2 Общественность Татарии отстояла дом и добилась установки на нем мемориальной доски.
В.Н. Орлову
2 мая 1970
Милый Владимир Николаевич, рада была Вашему письму - вернее, самому факту его, ибо радостного в послании Вашем не более, чем мёда в бочке дегтя. Такие времена. Такая трудная была зима, такая трудная идёт весна. И, как всегда, пути господни неисповедимы, а человеческие — тем более. Собственно говоря, схема происходящего настолько проста, что в простоту эту, эту элементарность, трудно поверить в наш электронный, полупроводниковый, реактивный и прочий век. Мать-История не просто даёт уроки нам, детям своим, но повторяет их без конца, дабы мы хорошо усвоили, а мы всё забываем, что повторение — мать учения, и всё ждем абсолютно нового, ветер же всё возвращается на круги свои1. Но — время движется, и дети растут, и забрасывают меня письмами и вопросами о творчестве М<арины> Ц<ветаевой>, о котором пишут они свои, пока что немудрящие дипломные работы, и количество переходит в качество, и бытие определяет сознание, и зерна духа пробивают толщу материи...
<...> Вы правы; лучше быть «почётно» выгнанным, чем примеряться и применяться к кувалде, Бог с ней совсем. Передохните малость - всё равно к Вам же придут с хлебом-солью; не впервой2.
Всего, всего вам обоим самого доброго — главное же — отдыха, воздуха, простора, покоя. Всё обойдётся, всё образумится!
Ваш АЭ
' Л.К. Чуковская так пишет в открытом письме «Не казнь, но мысль. Но слово (К 15-летию со дня смерти Сталина)» о наступившей в стране реакции: «В наши дни один за другим следуют судебные процессы... - открыто, прикрыто и полуприкрыто - судят слово... <...> За молодыми плечами нынешних подсудимых, нам, старшим, видятся вереницы теней. За строчками рукописи, достойной печати и не идущей в печать, нам мерещатся лица писателей, не доживших до превращения своих рукописей в книги. А за сегодняшними газетными статьями - те, вчерашние, улюлюкающие вестники казней» (Чуковская Л. Процесс исключения. М., 1990. С. 332, 337).

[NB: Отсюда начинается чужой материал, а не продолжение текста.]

(* Let $\beta_1,\dots,\beta_N>0$ and $u,v\in\mathbb R$ with $\beta_i+u>0$ and $\beta_i+v>0$ for all $i$. Then $\mathbb E^{\boldsymbol\beta,\boldsymbol\beta}_{\mathrm{LGRW}}\big[V(\mathbf L)\big]<\infty$, where $V(\mathbf L)=\big(\sum_{j=1}^Ne^{L_2(j)-L_1(j-1)}\big)^{-(u+v)}e^{-v(L_1(N)-L_2(N))}$.
   Context: Under $\mathbb P^{\boldsymbol\beta,\boldsymbol\beta}_{\mathrm{LGRW}}$, $\mathbf L_1=(L_1(j))_{0\le j\le N}$ and $\mathbf L_2=(L_2(j))_{0\le j\le N}$ are independent random walks with $L_1(0)=L_2(0)=0$ and independent increments $L_i(j)-L_i(j-1)\sim\log\Gamma^{-1}(\beta_j)$, i.e. with density $e^{-\beta_jy-e^{-y}}/\Gamma(\beta_j)$ on $\mathbb R$; $\mathbf L=(\mathbf L_1,\mathbf L_2)$. *)

From mathcomp Require Import all_boot all_order all_algebra.
From mathcomp Require Import all_classical all_reals all_analysis.
Set Implicit Arguments. Unset Strict Implicit. Unset Printing Implicit Defensive.
Import Order.TTheory GRing.Theory Num.Theory.
Local Open Scope classical_set_scope.
Local Open Scope ring_scope.

Definition GammaF {R : realType} (b : R) : R :=
  fine (\int[@lebesgue_measure R]_(t in [set t : R | (0 < t)%R])
          ((t `^ (b - 1)) * expR (- t))%R%:E)%E.

Definition loginvgamma_density {R : realType} (b y : R) : R :=
  expR (- (b * y) - expR (- y)) / GammaF b.

(* Iterated Lebesgue integral over the coordinates 1..n of a sequence
   z : nat -> R (coordinate 0 is unused and set to 0):
   iint n F = \int dz_n ... \int dz_1 F z.  For nonnegative measurable F this is
   the integral of F over R^n w.r.t. n-dimensional Lebesgue measure (Tonelli). *)
Fixpoint iint {R : realType} (n : nat) (F : (nat -> R) -> \bar R) : \bar R :=
  match n with
  | 0%N => F (fun _ => 0)
  | n'.+1 => (\int[@lebesgue_measure R]_(t in [set: R])
               iint n' (fun z => F (fun i => if i == n then t else z i)))%E
  end.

2 После ряда приказов по издательству «Советский писатель» с выговорами «за идейную незрелость» и неумение учесть «все особенности современной идеологической борьбы» В.Н. Орлов в мае подал заявление об уходе «по собственному желанию». 21 июля 1970 г. постановлением Секретариата СП СССР он был освобожден от обязанностей главного редактора «Библиотеки поэта» и заместителя главного редактора издательства «Советский писатель».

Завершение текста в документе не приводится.